The Big 12 and SEC have already come together on a postseason game that they hope will become their version of the Rose Bowl. Now, the two conferences could be looking to deepen the relationship between the leagues.
While talks thus far have been exploratory at best, an SEC official confirmed to the Birmingham News that they would be open to continuing discussions on an extended partnership with the Big 12. Per the News, that would include regular-season football and basketball scheduling as well as, the paper writes, “marketing and possibly even television partnerships.”

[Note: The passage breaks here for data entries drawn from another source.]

(* Let $c>1$ and $\Gamma=\{z\mapsto c^nz: n\in\mathbb{Z}\}$. A holomorphic function $F:G\to\mathbb{C}$ satisfies $F(c^nz,c^nw)=F(z,w)$ for all $(z,w)\in G$ and $n\in\mathbb{Z}$ if and only if there is an entire function $g$ with $F(z,w)=g\!\left(\frac{w}{z-w}\right)$ for all $(z,w)\in G$.
   Context: $\hat{\mathbb{C}}=\mathbb{C}\cup\{\infty\}$; $G=\hat{\mathbb{C}}^2\setminus\{(z,z):z\in\hat{\mathbb{C}}\}$. The map $(z,w)\mapsto w/(z-w)$ is understood as the holomorphic map $G\to\mathbb{C}$ obtained by continuous extension (value $0$ at $(\infty,w)$, value $-1$ at $(z,\infty)$); also $c^n\cdot\infty=\infty$. *)

From Stdlib Require Import Reals ZArith.
From Coquelicot Require Import Coquelicot.
Open Scope R_scope.

Inductive Chat : Type := Fin (z : C) | Inf.

Definition holo1_at (g : C -> C) (z : C) : Prop :=
  exists a : C, forall eps : R, 0 < eps -> exists delta : R, 0 < delta /\
    forall h : C, Cmod h < delta ->
      Cmod (Cminus (Cminus (g (Cplus z h)) (g z)) (Cmult a h)) <= eps * Cmod h.

Definition entire (g : C -> C) : Prop := forall z : C, holo1_at g z.

Definition holo2_at (f : C -> C -> C) (u v : C) : Prop :=
  exists a b : C, forall eps : R, 0 < eps -> exists delta : R, 0 < delta /\
    forall h k : C, Cmod h < delta -> Cmod k < delta ->
      Cmod (Cminus (Cminus (f (Cplus u h) (Cplus v k)) (f u v))
                   (Cplus (Cmult a h) (Cmult b k)))
        <= eps * (Cmod h + Cmod k).

Definition chart (i : bool) (u : C) : Chat :=
  if i then (if Ceq_dec u (RtoC 0) then Inf else Fin (Cinv u)) else Fin u.

(* G = \hat C^2 minus the diagonal; F : G -> C is represented by a total
   function Chat -> Chat -> C whose values on the diagonal are irrelevant.
   F is holomorphic on G iff in every product chart (u,v) |-> F(chart i u, chart j v)
   is holomorphic on the (open) chart domain {(u,v) | chart i u <> chart j v}. *)
Definition holomorphic_on_G (F : Chat -> Chat -> C) : Prop :=
  forall (i j : bool) (u v : C), chart i u <> chart j v ->
    holo2_at (fun u' v' => F (chart i u') (chart j v')) u v.

Definition scale (r : R) (p : Chat) : Chat :=
  match p with Fin z => Fin (Cmult (RtoC r) z) | Inf => Inf end.

(* (z,w) |-> w/(z-w), continuously extended to G:
   value 0 at (∞,w), value -1 at (z,∞); the diagonal value (∞,∞) is irrelevant. *)
Definition ratio (p q : Chat) : C :=
  match p, q with
  | Fin z, Fin w => Cdiv w (Cminus z w)
  | Inf, Fin _ => RtoC 0
  | Fin _, Inf => RtoC (-1)
  | Inf, Inf => RtoC 0
  end.

From Stdlib Require Import Reals Lra ZArith ClassicalEpsilon Classical.
From Coquelicot Require Import Coquelicot.
Open Scope R_scope.

(* The converse direction holds because w/(z - w) is unchanged when z and w are
   multiplied by the same positive scalar.  For the direct one put g(t) = F(1 + t, t).  For
   finite z <> w the function mu |-> F(mu z, mu w) is holomorphic on C*, invariant under
   mu |-> c mu, hence bounded (it takes all its values on the annulus 1 <= |mu| <= c) and so
   constant by Liouville's theorem on C*; the latter follows from Cauchy's formula on squares,
   derived from Goursat's lemma by bisection, the puncture at 0 being a bounded singularity.
   Comparing mu = 1 with mu = 1/(z - w) gives F(z, w) = g(w/(z - w)).  At (z, oo) and (oo, w),
   continuity of F in the charts at (0, oo) and (oo, 0), approached along the orbits
   c^-n (z, oo) and c^n (0, -1), resp. c^-n (oo, w) and c^n (1, 0), gives F(z, oo) = g(-1)
   and F(oo, w) = g(0). *)

Ltac Ceq := apply injective_projections; simpl; try field; try ring.

Lemma Cmod_le_Rabs_re_im (z : C) : Cmod z <= Rabs (fst z) + Rabs (snd z).
Proof.
  destruct z as [x y]; unfold Cmod; simpl.
  pose proof (Rabs_pos x); pose proof (Rabs_pos y).
  rewrite <- (sqrt_Rsqr (Rabs x + Rabs y)) by lra.
  apply sqrt_le_1_alt. pose proof (Rsqr_abs x); pose proof (Rsqr_abs y).
  unfold Rsqr in *. nra.
Qed.

Lemma Cmod_sub_le_Rabs (z w : C) :
  Cmod (z - w)%C <= Rabs (fst z - fst w) + Rabs (snd z - snd w).
Proof. apply Cmod_le_Rabs_re_im. Qed.

Lemma Rabs_re_im_le_Cmod (z : C) : Rabs (fst z) <= Cmod z /\ Rabs (snd z) <= Cmod z.
Proof.
  pose proof (Rmax_Cmod z).
  pose proof (Rmax_l (Rabs (fst z)) (Rabs (snd z))); pose proof (Rmax_r (Rabs (fst z)) (Rabs (snd z))).
  lra.
Qed.

Lemma Cmod_sub_ge (a b : C) : Cmod a - Cmod b <= Cmod (a - b)%C.
Proof.
  pose proof (Cmod_triangle (a - b)%C b) as T.
  replace (a - b + b)%C with a in T by ring. lra.
Qed.

Lemma Cmod_sub_sym (a b : C) : Cmod (a - b)%C = Cmod (b - a)%C.
Proof. rewrite <- Cmod_opp. f_equal. ring. Qed.

Lemma Cmod_scal (r : R) (z : C) : 0 <= r -> Cmod (r * z)%C = r * Cmod z.
Proof. intros. rewrite Cmod_mult, Cmod_R, Rabs_right by lra. reflexivity. Qed.

Lemma RtoC_neq_0 (r : R) : r <> 0 -> RtoC r <> 0%C.
Proof. intros H E. apply H. exact (f_equal fst E). Qed.

Definition Ccontinuous_at (h : C -> C) (z : C) : Prop :=
  forall e, 0 < e -> exists d, 0 < d /\
    forall w, Cmod (w - z)%C < d -> Cmod (h w - h z)%C < e.

Lemma holo1_at_ext (f g : C -> C) (z : C) :
  (forall w, f w = g w) -> holo1_at f z -> holo1_at g z.
Proof. intros E [a Ha]. exists a. intros e He. setoid_rewrite <- E. auto. Qed.

Lemma holo1_at_continuous (h : C -> C) (z : C) : holo1_at h z -> Ccontinuous_at h z.
Proof.
  intros [a Ha] e He.
  destruct (Ha 1 Rlt_0_1) as [d [Hd H]].
  pose proof (Cmod_ge_0 a).
  exists (Rmin d (e / (Cmod a + 2))). split.
  { apply Rmin_pos; auto. apply Rdiv_lt_0_compat; lra. }
  intros w Hw. pose proof (Rmin_l d (e / (Cmod a + 2))). pose proof (Rmin_r d (e / (Cmod a + 2))).
  specialize (H (w - z)%C ltac:(lra)). replace (z + (w - z))%C with w in H by ring.
  pose proof (Cmod_triangle (h w - h z - a * (w - z))%C (a * (w - z))%C) as T.
  replace (h w - h z - a * (w - z) + a * (w - z))%C with (h w - h z)%C in T by ring.
  rewrite Cmod_mult in T. pose proof (Cmod_ge_0 (w - z)%C).
  assert (Cmod (w - z)%C * (Cmod a + 2) < e).
  { apply Rlt_le_trans with (e / (Cmod a + 2) * (Cmod a + 2)).
    - apply Rmult_lt_compat_r; lra.
    - right; field; lra. }
  nra.
Qed.

Lemma holo1_at_affine (A al z : C) : holo1_at (fun w => A + al * w)%C z.
Proof.
  exists al. intros e He. exists 1. split; [lra|]. intros h Hh.
  replace (A + al * (z + h) - (A + al * z) - al * h)%C with (RtoC 0) by ring.
  rewrite Cmod_0. pose proof (Cmod_ge_0 h). nra.
Qed.

Lemma holo1_at_const (k z : C) : holo1_at (fun _ => k) z.
Proof. apply (holo1_at_ext (fun w => k + 0 * w)%C); [intros; ring | apply holo1_at_affine]. Qed.

Lemma holo1_at_plus (f g : C -> C) (z : C) :
  holo1_at f z -> holo1_at g z -> holo1_at (fun w => f w + g w)%C z.
Proof.
  intros [a Ha] [b Hb]. exists (a + b)%C. intros e He.
  destruct (Ha (e / 2) ltac:(lra)) as [d1 [Hd1 H1]].
  destruct (Hb (e / 2) ltac:(lra)) as [d2 [Hd2 H2]].
  exists (Rmin d1 d2). split; [apply Rmin_pos; auto|]. intros h Hh.
  pose proof (Rmin_l d1 d2). pose proof (Rmin_r d1 d2).
  specialize (H1 h ltac:(lra)). specialize (H2 h ltac:(lra)).
  pose proof (Cmod_triangle (f (z + h) - f z - a * h)%C (g (z + h) - g z - b * h)%C) as T.
  replace (f (z + h) - f z - a * h + (g (z + h) - g z - b * h))%C
    with (f (z + h) + g (z + h) - (f z + g z) - (a + b) * h)%C in T by ring.
  lra.
Qed.

Lemma holo1_at_scal (f : C -> C) (k z : C) :
  holo1_at f z -> holo1_at (fun w => k * f w)%C z.
Proof.
  intros [a Ha]. exists (k * a)%C. intros e He. pose proof (Cmod_ge_0 k).
  destruct (Ha (e / (Cmod k + 1))) as [d [Hd Hdiff]]; [apply Rdiv_lt_0_compat; lra|].
  exists d. split; auto. intros h Hh. specialize (Hdiff h Hh).
  replace (k * f (z + h) - k * f z - k * a * h)%C with (k * (f (z + h) - f z - a * h))%C by ring.
  rewrite Cmod_mult. pose proof (Cmod_ge_0 h).
  apply Rle_trans with (Cmod k * (e / (Cmod k + 1) * Cmod h)); [apply Rmult_le_compat_l; auto|].
  assert (Cmod k * (e / (Cmod k + 1)) <= e).
  { apply Rle_trans with ((Cmod k + 1) * (e / (Cmod k + 1))).
    - apply Rmult_le_compat_r; [apply Rlt_le, Rdiv_lt_0_compat|]; lra.
    - right; field; lra. }
  nra.
Qed.

Lemma holo1_at_minus (f g : C -> C) (z : C) :
  holo1_at f z -> holo1_at g z -> holo1_at (fun w => f w - g w)%C z.
Proof.
  intros Hf Hg. apply (holo1_at_ext (fun w => f w + (-1) * g w)%C); [intros; ring|].
  apply holo1_at_plus; auto. apply holo1_at_scal; auto.
Qed.

Lemma holo1_at_mult_vanishing (f g : C -> C) (z : C) :
  holo1_at f z -> f z = 0%C -> Ccontinuous_at g z -> holo1_at (fun w => f w * g w)%C z.
Proof.
  intros [a Ha] Hf0 Cg. exists (a * g z)%C. intros e He.
  set (Ng := Cmod (g z)); set (Na := Cmod a).
  assert (0 <= Ng /\ 0 <= Na) as [Ng0 Na0] by (split; apply Cmod_ge_0).
  set (e1 := e / (2 * (Ng + 1))); set (e3 := Rmin 1 (e / (2 * (Na + 1)))).
  assert (He1 : 0 < e1) by (apply Rdiv_lt_0_compat; lra).
  assert (He3 : 0 < e3) by (apply Rmin_pos; [lra|apply Rdiv_lt_0_compat; lra]).
  assert (e3 <= 1 /\ e3 <= e / (2 * (Na + 1))) as [E31 E32] by (split; [apply Rmin_l|apply Rmin_r]).
  destruct (Ha e1 He1) as [d1 [Hd1 H1]], (Cg e3 He3) as [d3 [Hd3 H3]].
  exists (Rmin d1 d3). split; [apply Rmin_pos; auto|].
  intros h Hh. pose proof (Rmin_l d1 d3); pose proof (Rmin_r d1 d3); pose proof (Cmod_ge_0 h).
  specialize (H1 h ltac:(lra)).
  specialize (H3 (z + h)%C). replace (z + h - z)%C with h in H3 by ring. specialize (H3 ltac:(lra)).
  set (R1 := (f (z + h) - f z - a * h)%C) in *; set (D := (g (z + h) - g z)%C) in *.
  replace (f (z + h) * g (z + h) - f z * g z - a * g z * h)%C with (R1 * g (z + h) + a * h * D)%C
    by (unfold R1, D; rewrite Hf0; ring).
  assert (Hg1 : Cmod (g (z + h)%C) <= Ng + 1).
  { replace (g (z + h)%C) with (g z + D)%C by (unfold D; ring).
    pose proof (Cmod_triangle (g z) D) as T. fold Ng in T. lra. }
  assert (T1 : Cmod R1 * Cmod (g (z + h)%C) <= e / 2 * Cmod h).
  { apply Rle_trans with (e1 * Cmod h * (Ng + 1)).
    - apply Rmult_le_compat; try apply Cmod_ge_0; lra.
    - unfold e1. right. field. lra. }
  assert (T2 : Na * Cmod h * Cmod D <= e / 2 * Cmod h).
  { apply Rle_trans with ((Na + 1) * Cmod h * (e / (2 * (Na + 1)))).
    - apply Rmult_le_compat; try apply Cmod_ge_0; nra.
    - right. field. lra. }
  eapply Rle_trans; [apply Cmod_triangle|]. rewrite !Cmod_mult. fold Na. lra.
Qed.

Lemma holo1_at_mult (f g : C -> C) (z : C) :
  holo1_at f z -> holo1_at g z -> holo1_at (fun w => f w * g w)%C z.
Proof.
  intros Hf Hg. apply (holo1_at_ext (fun w => (f w - f z) * g w + f z * g w)%C); [intros; ring|].
  apply holo1_at_plus; [apply holo1_at_mult_vanishing | apply holo1_at_scal; auto].
  - apply holo1_at_minus; [auto | apply holo1_at_const].
  - ring.
  - apply holo1_at_continuous, Hg.
Qed.

Lemma holo1_at_inv_sub (p z : C) : z <> p -> holo1_at (fun w => / (w - p))%C z.
Proof.
  intros Hzp. set (w := (z - p)%C).
  assert (Hw : w <> 0%C) by (apply Cminus_eq_contra; auto).
  assert (W : 0 < Cmod w) by (apply Cmod_gt_0; auto).
  set (r := Cmod w * Cmod w * Cmod w).
  assert (0 < r) by (unfold r; repeat apply Rmult_lt_0_compat; auto).
  exists (- / (w * w))%C. intros e He.
  exists (Rmin (Cmod w / 2) (e * r / 2)). split.
  { apply Rmin_pos; [lra|]. apply Rdiv_lt_0_compat; [apply Rmult_lt_0_compat|]; lra. }
  intros h Hh.
  pose proof (Rmin_l (Cmod w / 2) (e * r / 2)). pose proof (Rmin_r (Cmod w / 2) (e * r / 2)).
  assert (Hwh : Cmod w / 2 <= Cmod (w + h)%C).
  { pose proof (Cmod_sub_ge w (- h)%C) as T. rewrite Cmod_opp in T.
    replace (w - - h)%C with (w + h)%C in T by ring. lra. }
  assert (Hwh0 : (w + h)%C <> 0%C) by (intro E; rewrite E, Cmod_0 in Hwh; lra).
  replace (z + h - p)%C with (w + h)%C by (unfold w; ring). fold w.
  replace (/ (w + h) - / w - - / (w * w) * h)%C with (h * h * / (w * w * (w + h)))%C by (field; auto).
  rewrite Cmod_mult, Cmod_mult, Cmod_inv by (repeat apply Cmult_neq_0; auto).
  rewrite !Cmod_mult. pose proof (Cmod_ge_0 h).
  apply Rle_trans with (Cmod h * Cmod h * / (r / 2)).
  { apply Rmult_le_compat_l; [nra|]. apply Rinv_le_contravar; [lra|].
    unfold r. assert (0 <= Cmod w * Cmod w) by nra. nra. }
  apply Rle_trans with (Cmod h * (e * r / 2) * / (r / 2)).
  { apply Rmult_le_compat_r; [apply Rlt_le, Rinv_0_lt_compat; lra|]. apply Rmult_le_compat_l; lra. }
  right. field. lra.
Qed.
(* Split every initial segment of X into an FA-part and an FB-part; Koenig's lemma turns
   these splittings into one 2-colouring of X, and an infinite colour class contains a
   finite set outside its family. *)
Lemma compact_join FA FB : hereditary FA -> hereditary FB -> compact FA -> compact FB ->
  compact (fam_join FA FB).
Proof.
move=> hA hB cA cB X hX; apply: NNPP => noE.
have [e [he Xe]] := infinite_set_enum hX.
have [pr hpr] : exists pr : nat -> {fset nat} * {fset nat}, forall k,
    [/\ FA (pr k).1, FB (pr k).2 & initial_segment e k = (pr k).1 `|` (pr k).2].
  apply: (choice (fun k p => [/\ FA p.1, FB p.2 & initial_segment e k = p.1 `|` p.2])).
  move=> k; have : fam_join FA FB (initial_segment e k).
    apply: NNPP => nJ; apply: noE; exists (initial_segment e k).
    by split=> // x /imfsetP [i _ ->].
  by move=> [E1 [E2 [h1 [h2 h]]]]; exists (E1, E2).
have [f hf] := weak_koenig (fun k i => e i \in (pr k).1).
have side (bb : bool) E : (forall x, x \in E -> exists i, x = e i /\ f i = bb) ->
    exists k, E `<=` (if bb then (pr k).1 else (pr k).2).
  move=> hE; have [B EB] := fset_bound E; have [k [Bk agree]] := hf B.+1 B.+1.
  exists k; apply/fsubsetP => x xE; have [i [ei fi]] := hE x xE.
  have iB : i < B.+1 by rewrite ltnS (leq_trans (strict_incr_geq he i)) // -ei EB.
  have : e i \in initial_segment e k.
    by apply: in_imfset; rewrite mem_iota /= add0n (leq_trans iB Bk).
  have [_ _ ->] := hpr k; move: (agree i iB); rewrite fi ei in_fsetU.
  by case: bb {hE fi} => <-.
have cover x : (exists i, x = e i) ->
    (exists i, x = e i /\ f i = true) \/ (exists i, x = e i /\ f i = false).
  by move=> [i ->]; case fi: (f i); [left|right]; exists i.
have [Y|Y] := infinite_set_or (infinite_set_range he) cover.
- have [E [EY nE]] := cA _ Y; have [k sub] := side true E EY.
  by case: (hpr k) => hk _ _; apply/nE/(hA _ _ hk).
- have [E [EY nE]] := cB _ Y; have [k sub] := side false E EY.
  by case: (hpr k) => _ hk _; apply/nE/(hB _ _ hk).
Qed.

Section Rank.
Variables (O : Type) (lt : O -> O -> Prop).
Hypothesis HO : omega1_like lt.

(* The Cantor-Bendixson rank of the tree [FA] at the node [E] is at least [d]. *)
Inductive rank_ge (FA : {fset nat} -> Prop) : {fset nat} -> O -> Prop :=
| RankGe E d : FA E ->
    (forall d', lt d' d -> forall k, exists n, k <= n /\ rank_ge FA (n |` E) d') ->
    rank_ge FA E d.

Lemma rank_ge_mem FA E d : rank_ge FA E d -> FA E.
Proof. by case. Qed.

Lemma rank_ge_extend FA E d : rank_ge FA E d -> forall d', lt d' d ->
  forall k, exists n, k <= n /\ rank_ge FA (n |` E) d'.
Proof. by case. Qed.

Lemma rank_ge_le FA E d d' : rank_ge FA E d -> ole lt d' d -> rank_ge FA E d'.
Proof.
case=> {}E {}d FE ext [d'd|->]; last exact: RankGe.
by apply: RankGe => // d'' d''d'; apply/ext/(olt_trans HO d''d').
Qed.
Lemma itv_nonempty v t : valid v t -> exists x, itv v t x.
Proof.
elim/last_ind: t => [|t a IH] Hv.
  exists (INR (idx B v)); case: HC => _ [_ [_ [_ [H0 _]]]]; apply/H0.
  by split; [apply: Rle_refl | lra].
case: HC => _ [_ [_ [_ [_ [Hst _]]]]].
case: (Hst v t (valid_rcons Hv) (valid_rcons_block Hv)) => Hlcro _.
case: (Hlcro a Hv) => l [r [Hlr Hiff]]; exists l.
by apply/Hiff; split; [apply: Rle_refl | exact: Hlr].
Qed.

Lemma itv_uniq v t1 t2 x : valid v t1 -> valid v t2 -> size t1 = size t2 ->
  itv v t1 x -> itv v t2 x -> t1 = t2.
Proof.
elim/last_ind: t1 t2 => [|t1 a IH] t2; first by case: t2.
case/lastP: t2 => [|t2 b]; first by rewrite size_rcons.
rewrite !size_rcons => H1 H2 [Hs] X1 X2.
have E := IH _ (valid_rcons H1) (valid_rcons H2) Hs (itv_rcons H1 X1) (itv_rcons H2 X2).
subst t2; case: HC => _ [_ [_ [_ [_ [Hst _]]]]].
case: (Hst v t1 (valid_rcons H1) (valid_rcons_block H1)) => _ [Hdisj _].
by rewrite (Hdisj a b x H1 H2 X1 X2).
Qed.

Lemma Dv_uniq v w x : D v x -> D w x -> v = w.
Proof.
have gap m n : m < n -> (INR m + 1 <= INR n)%R by move/leP/le_INR; rewrite S_INR.
move=> [H1 H2] [H3 H4]; case: HC => Hinj _; apply: Hinj.
by case: (ltngtP (idx B v) (idx B w)) => // /gap ?; lra.
Qed.

Lemma Re_Dv e x : Re e x -> D (src G e) x.
Proof.
case=> t [Hv [Hs Hx]]; apply: (itv_Dv (t := rcons t (Some e))) => //.
exact: valid_rcons_some.
Qed.

Lemma Re_gi e x : Re e x -> D (rng G e) (gi B e x) /\ Defs.fe B e (gi B e x) = x.
Proof.
case=> t [Hv [Hs Hx]]; case: HC => _ [_ [_ [_ [_ [_ [Hdk Hfe]]]]]].
case: (Hfe e t Hv Hs) => _ [_ /(_ x Hx) [Hd ->]]; split => //.
by case: (Hdk e) => _ [_ ->]; exists t.
Qed.

Lemma Dv_fe e x : D (rng G e) x -> Re e (Defs.fe B e x) /\ gi B e (Defs.fe B e x) = x.
Proof.
case: HC => _ [_ [_ [_ [_ [_ [Hdk Hfe]]]]]].
case: (Hdk e) => _ [_ H] /H [t [[Hv Hs] Hx]].
case: (Hfe e t Hv Hs) => H1 [H2 _]; split; last exact: H2.
by exists t; do 2!split => //; apply: H1.
Qed.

“That’s a situation we would keep an open mind on, but we haven’t had a lot of significant discussions at this point,” Womack said. “There’s a lot of different ways that could work. At this point, we’re continuing to move forward with scheduling the conference as we’ve planned.”
In an interview with the Austin-American Statesman late last week, commissioner Bob Bowlsby acknowledged that the Big 12 is looking into an alliance with the ACC as well as two other unspecified conferences. The SEC is now confirmed to be one of the other two, while it’s widely believed the Pac-12 would be the other Bowlsby declined to name.
The conventional wisdom is that a partnership such as the 10-team Big 12 is discussing could help head off another round of conference expansion, although all it would take is for one league — specifically, the Big Ten — to add members to make any alliance talk moot.
In late December of 2011, the Big Ten and Pac-12 announced a scheduling agreement between the two conferences that was slated to begin in 2017. The goal of the agreement was for each of the 12 members of the Pac-12 to face a member of the 12-school Big Ten in football, strengthening the nonconference schedules of both leagues. In July of last year, and thanks in large part to the Pac-12’s nine-game conference schedule, the agreement was called off.
Four months later, the Big Ten announced the additions of Maryland and Rutgers, boosting the conference’s membership to the same 14-team level as the SEC and ACC — after the latter raided the Big East for Louisville, of course.